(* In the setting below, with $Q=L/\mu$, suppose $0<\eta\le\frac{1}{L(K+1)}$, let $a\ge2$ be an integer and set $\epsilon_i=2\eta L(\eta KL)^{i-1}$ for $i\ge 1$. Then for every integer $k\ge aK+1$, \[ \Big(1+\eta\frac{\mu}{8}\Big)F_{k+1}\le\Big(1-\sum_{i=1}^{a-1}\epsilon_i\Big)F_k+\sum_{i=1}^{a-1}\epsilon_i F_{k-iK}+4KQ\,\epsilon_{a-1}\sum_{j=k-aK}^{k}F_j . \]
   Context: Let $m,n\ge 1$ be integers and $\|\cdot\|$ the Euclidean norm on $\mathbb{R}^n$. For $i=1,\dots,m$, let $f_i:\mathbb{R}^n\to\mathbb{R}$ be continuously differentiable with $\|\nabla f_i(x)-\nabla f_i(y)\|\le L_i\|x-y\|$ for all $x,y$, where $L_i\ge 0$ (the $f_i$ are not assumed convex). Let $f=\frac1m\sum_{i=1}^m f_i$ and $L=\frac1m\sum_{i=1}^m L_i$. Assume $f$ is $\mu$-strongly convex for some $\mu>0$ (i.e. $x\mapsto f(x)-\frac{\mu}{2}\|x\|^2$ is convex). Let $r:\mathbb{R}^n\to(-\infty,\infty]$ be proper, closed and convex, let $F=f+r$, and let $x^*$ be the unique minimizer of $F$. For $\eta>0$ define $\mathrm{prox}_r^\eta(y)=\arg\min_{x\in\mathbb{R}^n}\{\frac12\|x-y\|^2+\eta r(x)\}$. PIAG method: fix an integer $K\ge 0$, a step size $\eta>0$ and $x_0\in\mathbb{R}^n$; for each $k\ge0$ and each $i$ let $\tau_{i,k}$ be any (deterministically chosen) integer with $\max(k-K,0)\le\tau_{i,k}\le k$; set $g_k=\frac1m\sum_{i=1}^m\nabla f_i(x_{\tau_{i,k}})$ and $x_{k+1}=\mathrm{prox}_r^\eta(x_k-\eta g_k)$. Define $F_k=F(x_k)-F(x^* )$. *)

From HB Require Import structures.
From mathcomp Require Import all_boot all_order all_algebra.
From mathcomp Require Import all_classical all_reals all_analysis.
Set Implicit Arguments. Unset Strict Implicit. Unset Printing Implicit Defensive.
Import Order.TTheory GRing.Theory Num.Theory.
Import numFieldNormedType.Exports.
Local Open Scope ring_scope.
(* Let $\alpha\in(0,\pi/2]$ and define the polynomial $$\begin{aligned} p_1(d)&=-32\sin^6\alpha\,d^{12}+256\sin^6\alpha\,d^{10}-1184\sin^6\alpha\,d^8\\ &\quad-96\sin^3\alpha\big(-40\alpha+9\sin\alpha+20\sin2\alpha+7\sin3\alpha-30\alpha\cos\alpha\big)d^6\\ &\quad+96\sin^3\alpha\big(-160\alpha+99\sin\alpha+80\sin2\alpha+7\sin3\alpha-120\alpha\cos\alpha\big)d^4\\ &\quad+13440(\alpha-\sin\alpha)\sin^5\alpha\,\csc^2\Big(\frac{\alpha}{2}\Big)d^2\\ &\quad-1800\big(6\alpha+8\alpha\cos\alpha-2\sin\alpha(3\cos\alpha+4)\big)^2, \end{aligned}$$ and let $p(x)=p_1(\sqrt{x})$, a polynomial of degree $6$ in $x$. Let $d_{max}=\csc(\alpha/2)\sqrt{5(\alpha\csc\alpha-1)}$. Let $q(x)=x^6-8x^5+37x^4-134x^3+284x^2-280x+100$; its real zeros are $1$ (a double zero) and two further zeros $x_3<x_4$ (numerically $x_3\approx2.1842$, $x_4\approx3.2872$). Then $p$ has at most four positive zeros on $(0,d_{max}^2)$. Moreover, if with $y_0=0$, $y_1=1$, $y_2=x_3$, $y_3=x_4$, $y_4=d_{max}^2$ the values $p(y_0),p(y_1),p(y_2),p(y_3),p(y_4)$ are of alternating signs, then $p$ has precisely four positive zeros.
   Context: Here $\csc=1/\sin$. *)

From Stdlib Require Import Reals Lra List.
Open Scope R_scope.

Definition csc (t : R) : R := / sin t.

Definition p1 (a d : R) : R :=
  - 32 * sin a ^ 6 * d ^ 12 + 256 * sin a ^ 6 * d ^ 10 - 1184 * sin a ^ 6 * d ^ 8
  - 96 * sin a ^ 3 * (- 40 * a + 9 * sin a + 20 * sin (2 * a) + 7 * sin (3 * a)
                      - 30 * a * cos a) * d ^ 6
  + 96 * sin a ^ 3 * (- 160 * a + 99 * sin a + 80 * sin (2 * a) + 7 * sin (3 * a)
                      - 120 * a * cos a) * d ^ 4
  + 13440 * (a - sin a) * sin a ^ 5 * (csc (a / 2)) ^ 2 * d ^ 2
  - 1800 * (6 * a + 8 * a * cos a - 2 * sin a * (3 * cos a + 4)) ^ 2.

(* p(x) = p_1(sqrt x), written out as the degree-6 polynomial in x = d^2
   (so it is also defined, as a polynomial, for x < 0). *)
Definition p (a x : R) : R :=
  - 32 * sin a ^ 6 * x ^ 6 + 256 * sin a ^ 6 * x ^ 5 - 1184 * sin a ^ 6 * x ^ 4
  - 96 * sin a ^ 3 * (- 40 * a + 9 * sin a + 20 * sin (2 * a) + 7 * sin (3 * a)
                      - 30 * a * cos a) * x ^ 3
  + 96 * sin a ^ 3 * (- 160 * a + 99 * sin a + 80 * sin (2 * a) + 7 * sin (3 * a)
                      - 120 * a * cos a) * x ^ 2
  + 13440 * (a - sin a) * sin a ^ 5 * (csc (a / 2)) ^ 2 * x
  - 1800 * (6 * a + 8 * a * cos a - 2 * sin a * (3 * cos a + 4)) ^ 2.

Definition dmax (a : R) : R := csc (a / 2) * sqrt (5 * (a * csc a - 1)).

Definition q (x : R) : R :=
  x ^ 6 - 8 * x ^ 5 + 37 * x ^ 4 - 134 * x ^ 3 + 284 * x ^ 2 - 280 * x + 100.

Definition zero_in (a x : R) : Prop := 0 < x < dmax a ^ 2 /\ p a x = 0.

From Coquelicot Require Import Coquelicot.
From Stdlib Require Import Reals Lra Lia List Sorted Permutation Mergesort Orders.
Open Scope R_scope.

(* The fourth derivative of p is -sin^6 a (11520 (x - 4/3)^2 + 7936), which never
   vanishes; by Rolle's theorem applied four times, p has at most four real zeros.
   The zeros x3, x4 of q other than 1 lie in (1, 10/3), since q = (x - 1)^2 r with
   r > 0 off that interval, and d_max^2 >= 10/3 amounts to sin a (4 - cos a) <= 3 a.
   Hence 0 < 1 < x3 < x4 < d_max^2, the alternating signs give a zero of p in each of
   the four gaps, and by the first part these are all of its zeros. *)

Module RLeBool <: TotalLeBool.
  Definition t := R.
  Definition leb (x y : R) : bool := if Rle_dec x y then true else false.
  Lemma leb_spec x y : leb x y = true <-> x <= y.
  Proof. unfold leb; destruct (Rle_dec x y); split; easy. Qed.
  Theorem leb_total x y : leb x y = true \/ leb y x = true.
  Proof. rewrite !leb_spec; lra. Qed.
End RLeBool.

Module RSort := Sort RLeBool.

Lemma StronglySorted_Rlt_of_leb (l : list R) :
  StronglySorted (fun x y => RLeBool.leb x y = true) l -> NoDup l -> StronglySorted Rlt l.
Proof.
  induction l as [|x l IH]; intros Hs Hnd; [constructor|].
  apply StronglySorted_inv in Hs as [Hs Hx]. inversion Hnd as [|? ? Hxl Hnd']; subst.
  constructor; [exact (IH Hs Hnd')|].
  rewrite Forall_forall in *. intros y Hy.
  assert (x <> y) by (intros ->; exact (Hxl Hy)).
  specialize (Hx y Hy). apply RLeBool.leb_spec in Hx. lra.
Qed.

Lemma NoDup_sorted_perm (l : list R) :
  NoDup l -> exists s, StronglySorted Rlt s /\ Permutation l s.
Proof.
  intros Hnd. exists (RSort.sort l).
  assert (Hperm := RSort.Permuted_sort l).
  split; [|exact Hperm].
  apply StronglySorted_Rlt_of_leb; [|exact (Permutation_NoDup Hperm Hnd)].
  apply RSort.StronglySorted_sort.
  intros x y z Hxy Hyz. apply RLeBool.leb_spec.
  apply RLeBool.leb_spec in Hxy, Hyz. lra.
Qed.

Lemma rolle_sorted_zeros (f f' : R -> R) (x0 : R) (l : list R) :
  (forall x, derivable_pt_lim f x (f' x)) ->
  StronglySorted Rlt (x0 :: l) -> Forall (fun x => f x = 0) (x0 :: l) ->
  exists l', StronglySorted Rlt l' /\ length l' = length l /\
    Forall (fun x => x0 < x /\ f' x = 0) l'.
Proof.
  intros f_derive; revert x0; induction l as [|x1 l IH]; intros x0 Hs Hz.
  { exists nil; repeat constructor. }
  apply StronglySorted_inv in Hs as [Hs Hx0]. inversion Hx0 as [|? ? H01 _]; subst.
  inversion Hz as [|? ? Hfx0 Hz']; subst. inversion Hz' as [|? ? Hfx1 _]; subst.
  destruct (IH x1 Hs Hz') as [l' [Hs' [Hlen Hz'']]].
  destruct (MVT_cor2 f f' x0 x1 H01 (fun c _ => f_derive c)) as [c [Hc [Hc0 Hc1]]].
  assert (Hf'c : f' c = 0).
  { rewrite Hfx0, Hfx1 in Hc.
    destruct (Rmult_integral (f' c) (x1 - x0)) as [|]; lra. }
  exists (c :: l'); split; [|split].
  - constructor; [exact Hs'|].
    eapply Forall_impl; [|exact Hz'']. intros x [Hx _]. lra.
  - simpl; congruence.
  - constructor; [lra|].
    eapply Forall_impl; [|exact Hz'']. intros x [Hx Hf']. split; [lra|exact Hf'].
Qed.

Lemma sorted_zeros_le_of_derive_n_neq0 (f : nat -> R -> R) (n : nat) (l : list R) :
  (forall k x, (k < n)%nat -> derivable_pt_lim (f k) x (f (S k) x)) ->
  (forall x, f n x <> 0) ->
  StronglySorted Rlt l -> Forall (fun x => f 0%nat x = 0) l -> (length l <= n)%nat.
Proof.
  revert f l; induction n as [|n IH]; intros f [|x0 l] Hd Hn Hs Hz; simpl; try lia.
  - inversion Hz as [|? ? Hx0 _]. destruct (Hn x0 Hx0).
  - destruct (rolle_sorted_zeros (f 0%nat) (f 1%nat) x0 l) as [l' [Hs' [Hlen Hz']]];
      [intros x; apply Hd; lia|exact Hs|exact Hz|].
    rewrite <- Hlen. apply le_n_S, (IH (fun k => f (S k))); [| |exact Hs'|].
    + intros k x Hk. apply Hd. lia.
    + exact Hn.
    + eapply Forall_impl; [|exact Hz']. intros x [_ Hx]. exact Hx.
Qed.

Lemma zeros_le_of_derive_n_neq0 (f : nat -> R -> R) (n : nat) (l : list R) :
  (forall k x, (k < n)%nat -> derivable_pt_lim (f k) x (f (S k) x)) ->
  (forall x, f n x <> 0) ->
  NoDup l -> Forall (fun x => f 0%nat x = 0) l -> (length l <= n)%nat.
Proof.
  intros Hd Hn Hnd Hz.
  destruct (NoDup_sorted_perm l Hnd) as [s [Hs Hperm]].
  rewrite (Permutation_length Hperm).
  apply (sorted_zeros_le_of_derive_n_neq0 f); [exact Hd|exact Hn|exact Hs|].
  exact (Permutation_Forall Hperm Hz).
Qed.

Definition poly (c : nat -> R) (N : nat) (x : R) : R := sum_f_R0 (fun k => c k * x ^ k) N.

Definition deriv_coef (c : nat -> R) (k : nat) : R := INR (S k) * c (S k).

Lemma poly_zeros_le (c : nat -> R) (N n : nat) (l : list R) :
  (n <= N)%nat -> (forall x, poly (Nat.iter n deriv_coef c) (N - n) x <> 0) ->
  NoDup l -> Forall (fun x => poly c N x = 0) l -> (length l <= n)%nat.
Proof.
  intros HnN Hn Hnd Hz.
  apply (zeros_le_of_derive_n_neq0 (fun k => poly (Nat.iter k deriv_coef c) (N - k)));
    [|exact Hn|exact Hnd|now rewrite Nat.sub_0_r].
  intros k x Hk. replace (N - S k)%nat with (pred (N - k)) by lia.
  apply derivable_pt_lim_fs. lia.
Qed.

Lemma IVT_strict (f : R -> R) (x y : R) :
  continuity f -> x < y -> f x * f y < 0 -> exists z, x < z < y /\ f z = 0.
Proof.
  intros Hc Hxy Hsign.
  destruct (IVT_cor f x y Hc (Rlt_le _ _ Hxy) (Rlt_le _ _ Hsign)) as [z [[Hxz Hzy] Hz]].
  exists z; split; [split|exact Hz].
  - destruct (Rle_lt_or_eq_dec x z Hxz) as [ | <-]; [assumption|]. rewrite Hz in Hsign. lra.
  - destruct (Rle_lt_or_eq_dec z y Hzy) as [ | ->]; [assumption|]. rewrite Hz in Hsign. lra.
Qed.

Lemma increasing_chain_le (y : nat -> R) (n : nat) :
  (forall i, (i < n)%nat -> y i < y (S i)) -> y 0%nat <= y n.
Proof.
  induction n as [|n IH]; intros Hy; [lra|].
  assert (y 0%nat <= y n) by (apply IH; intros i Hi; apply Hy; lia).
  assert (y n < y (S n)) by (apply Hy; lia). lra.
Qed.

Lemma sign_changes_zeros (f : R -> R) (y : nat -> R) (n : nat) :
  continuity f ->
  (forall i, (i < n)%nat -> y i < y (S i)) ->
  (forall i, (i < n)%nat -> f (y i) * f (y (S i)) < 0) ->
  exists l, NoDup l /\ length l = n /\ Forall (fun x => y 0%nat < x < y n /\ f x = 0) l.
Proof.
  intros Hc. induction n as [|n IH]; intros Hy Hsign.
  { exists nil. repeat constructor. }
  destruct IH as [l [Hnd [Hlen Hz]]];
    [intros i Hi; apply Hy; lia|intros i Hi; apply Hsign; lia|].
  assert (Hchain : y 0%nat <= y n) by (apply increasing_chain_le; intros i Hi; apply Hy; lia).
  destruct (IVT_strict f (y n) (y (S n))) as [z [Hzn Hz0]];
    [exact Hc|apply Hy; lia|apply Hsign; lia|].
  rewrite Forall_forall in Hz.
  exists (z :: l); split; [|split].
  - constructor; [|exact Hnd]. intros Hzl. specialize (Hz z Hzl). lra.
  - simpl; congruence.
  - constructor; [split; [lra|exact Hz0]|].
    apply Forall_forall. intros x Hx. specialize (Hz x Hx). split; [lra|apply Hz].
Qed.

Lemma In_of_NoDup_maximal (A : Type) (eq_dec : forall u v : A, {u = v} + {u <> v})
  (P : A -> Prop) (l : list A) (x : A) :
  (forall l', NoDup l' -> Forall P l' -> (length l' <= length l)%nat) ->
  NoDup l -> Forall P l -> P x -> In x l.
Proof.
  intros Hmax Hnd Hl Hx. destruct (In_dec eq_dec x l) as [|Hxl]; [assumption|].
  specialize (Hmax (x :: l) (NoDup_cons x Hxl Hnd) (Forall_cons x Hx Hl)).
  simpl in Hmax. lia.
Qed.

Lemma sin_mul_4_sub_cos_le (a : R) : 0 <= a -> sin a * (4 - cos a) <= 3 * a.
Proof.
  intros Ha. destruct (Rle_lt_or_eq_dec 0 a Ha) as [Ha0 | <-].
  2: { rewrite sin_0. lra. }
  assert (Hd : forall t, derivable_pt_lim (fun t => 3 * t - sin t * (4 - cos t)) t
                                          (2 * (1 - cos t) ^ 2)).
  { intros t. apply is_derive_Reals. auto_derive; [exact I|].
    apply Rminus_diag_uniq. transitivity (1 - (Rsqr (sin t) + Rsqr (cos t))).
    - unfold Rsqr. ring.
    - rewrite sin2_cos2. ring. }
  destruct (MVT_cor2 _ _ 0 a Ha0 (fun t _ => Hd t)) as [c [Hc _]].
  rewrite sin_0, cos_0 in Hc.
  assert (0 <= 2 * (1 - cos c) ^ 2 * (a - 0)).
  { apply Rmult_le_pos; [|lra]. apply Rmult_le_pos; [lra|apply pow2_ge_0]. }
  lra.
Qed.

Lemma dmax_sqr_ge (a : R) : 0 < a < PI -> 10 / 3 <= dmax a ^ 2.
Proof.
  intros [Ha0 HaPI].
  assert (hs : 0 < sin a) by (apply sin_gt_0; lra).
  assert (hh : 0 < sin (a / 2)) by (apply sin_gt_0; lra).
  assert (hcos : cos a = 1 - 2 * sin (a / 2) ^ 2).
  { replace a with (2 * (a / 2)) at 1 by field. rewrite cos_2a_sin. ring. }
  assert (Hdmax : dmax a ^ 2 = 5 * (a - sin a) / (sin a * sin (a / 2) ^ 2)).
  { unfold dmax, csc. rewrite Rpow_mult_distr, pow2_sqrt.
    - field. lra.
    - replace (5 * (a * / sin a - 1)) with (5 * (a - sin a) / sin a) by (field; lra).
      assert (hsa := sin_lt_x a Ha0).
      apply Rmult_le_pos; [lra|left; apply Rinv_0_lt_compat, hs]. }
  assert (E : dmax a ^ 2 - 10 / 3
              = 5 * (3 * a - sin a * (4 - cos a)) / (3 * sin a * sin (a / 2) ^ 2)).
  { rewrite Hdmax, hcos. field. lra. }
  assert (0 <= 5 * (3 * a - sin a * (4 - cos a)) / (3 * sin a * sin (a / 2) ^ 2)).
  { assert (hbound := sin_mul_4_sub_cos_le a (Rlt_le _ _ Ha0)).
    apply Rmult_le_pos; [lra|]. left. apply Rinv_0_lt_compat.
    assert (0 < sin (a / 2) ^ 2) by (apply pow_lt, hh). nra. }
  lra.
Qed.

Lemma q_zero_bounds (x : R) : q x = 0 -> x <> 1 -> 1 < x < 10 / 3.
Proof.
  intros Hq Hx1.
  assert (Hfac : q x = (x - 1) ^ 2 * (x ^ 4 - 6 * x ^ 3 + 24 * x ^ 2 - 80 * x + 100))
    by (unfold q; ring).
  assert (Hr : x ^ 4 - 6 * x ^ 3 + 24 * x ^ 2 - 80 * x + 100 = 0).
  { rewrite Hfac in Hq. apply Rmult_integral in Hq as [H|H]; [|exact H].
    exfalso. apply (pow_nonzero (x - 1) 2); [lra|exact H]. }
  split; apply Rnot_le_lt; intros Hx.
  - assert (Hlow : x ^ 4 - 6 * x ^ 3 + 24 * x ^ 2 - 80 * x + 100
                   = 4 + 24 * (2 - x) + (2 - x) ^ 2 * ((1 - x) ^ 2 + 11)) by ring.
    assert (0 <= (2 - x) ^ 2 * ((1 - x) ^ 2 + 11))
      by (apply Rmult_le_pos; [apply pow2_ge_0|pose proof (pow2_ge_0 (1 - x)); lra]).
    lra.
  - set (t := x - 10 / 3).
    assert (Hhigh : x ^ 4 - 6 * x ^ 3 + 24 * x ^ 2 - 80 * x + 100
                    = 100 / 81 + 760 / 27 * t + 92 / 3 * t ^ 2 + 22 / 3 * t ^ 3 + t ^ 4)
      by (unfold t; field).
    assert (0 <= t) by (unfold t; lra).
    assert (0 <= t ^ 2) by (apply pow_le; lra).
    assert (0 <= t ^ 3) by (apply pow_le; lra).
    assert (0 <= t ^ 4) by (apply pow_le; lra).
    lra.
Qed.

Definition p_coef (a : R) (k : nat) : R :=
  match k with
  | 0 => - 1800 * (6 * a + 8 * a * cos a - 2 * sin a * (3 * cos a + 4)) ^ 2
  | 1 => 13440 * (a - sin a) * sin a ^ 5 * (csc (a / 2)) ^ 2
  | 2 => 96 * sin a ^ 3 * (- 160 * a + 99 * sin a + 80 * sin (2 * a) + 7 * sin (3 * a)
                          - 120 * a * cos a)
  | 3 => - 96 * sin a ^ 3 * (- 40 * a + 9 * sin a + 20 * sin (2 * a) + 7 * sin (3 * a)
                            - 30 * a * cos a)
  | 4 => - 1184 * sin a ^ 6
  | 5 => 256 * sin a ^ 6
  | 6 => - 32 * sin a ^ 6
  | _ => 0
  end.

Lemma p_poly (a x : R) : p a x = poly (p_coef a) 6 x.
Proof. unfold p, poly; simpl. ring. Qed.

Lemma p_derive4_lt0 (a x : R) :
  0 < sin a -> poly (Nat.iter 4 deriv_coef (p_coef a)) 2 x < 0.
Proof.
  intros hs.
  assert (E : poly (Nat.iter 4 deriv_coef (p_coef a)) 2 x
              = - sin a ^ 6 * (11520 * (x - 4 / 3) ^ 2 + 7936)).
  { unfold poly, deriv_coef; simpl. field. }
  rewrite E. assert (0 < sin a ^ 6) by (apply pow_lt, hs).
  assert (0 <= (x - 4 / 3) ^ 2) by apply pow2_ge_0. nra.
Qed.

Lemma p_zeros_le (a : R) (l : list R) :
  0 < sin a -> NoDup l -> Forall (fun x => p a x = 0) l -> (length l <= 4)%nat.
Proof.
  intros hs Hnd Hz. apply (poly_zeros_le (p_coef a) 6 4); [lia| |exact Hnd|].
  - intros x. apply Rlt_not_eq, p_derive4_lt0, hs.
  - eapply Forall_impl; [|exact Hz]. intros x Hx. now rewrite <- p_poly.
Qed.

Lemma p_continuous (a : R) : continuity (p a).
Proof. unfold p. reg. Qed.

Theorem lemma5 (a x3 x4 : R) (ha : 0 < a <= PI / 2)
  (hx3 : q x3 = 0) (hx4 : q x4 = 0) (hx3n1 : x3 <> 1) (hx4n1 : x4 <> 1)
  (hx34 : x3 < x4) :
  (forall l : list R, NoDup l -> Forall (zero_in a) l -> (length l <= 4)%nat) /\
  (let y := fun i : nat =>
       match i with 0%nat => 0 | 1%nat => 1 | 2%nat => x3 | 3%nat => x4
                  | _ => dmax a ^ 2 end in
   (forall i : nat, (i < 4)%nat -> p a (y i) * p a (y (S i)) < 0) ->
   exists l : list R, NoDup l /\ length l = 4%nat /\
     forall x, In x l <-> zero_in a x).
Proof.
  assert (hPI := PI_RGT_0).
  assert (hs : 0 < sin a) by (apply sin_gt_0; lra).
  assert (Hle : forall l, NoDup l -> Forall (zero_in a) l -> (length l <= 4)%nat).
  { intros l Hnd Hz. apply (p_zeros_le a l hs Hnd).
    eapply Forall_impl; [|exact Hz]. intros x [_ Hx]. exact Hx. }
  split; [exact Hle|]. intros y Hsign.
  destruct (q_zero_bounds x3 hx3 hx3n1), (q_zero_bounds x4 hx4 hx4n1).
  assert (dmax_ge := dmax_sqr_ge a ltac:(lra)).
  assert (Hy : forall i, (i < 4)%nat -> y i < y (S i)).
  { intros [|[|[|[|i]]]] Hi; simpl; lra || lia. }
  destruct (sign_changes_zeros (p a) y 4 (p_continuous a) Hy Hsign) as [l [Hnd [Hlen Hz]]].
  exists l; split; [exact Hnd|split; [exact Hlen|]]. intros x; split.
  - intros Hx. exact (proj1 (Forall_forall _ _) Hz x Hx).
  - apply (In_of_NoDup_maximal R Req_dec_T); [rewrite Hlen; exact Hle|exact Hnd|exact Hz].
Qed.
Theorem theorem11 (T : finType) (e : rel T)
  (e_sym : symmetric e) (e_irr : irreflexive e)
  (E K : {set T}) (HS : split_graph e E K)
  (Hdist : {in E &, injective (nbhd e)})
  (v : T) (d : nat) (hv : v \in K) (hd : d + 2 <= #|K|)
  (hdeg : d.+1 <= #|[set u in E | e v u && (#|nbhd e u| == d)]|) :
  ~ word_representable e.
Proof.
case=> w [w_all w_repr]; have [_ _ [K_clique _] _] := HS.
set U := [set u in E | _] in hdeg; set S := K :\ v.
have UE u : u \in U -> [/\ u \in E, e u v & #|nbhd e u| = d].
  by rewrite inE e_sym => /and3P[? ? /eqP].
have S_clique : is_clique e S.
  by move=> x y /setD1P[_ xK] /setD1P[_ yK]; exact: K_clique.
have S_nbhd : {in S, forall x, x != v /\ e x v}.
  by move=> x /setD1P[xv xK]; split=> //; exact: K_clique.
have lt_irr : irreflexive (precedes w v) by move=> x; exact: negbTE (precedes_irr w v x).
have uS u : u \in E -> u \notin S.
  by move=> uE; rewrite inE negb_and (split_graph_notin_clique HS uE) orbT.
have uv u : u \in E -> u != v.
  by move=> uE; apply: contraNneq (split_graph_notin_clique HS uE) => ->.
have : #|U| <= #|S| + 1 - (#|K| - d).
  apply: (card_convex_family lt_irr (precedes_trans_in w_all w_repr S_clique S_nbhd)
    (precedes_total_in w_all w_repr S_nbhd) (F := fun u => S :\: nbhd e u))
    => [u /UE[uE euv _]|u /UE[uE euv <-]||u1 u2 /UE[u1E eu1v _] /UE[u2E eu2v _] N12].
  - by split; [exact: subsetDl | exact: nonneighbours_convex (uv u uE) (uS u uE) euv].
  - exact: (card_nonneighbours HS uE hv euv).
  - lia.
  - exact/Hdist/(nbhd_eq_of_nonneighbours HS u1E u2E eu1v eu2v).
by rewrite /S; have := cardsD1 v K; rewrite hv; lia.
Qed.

__Activity__
If a line above holds the string "mathcomp", return it as it stands.

__Response box__
From mathcomp Require Import all_boot all_order all_algebra.
From mathcomp Require Import all_classical all_reals all_analysis.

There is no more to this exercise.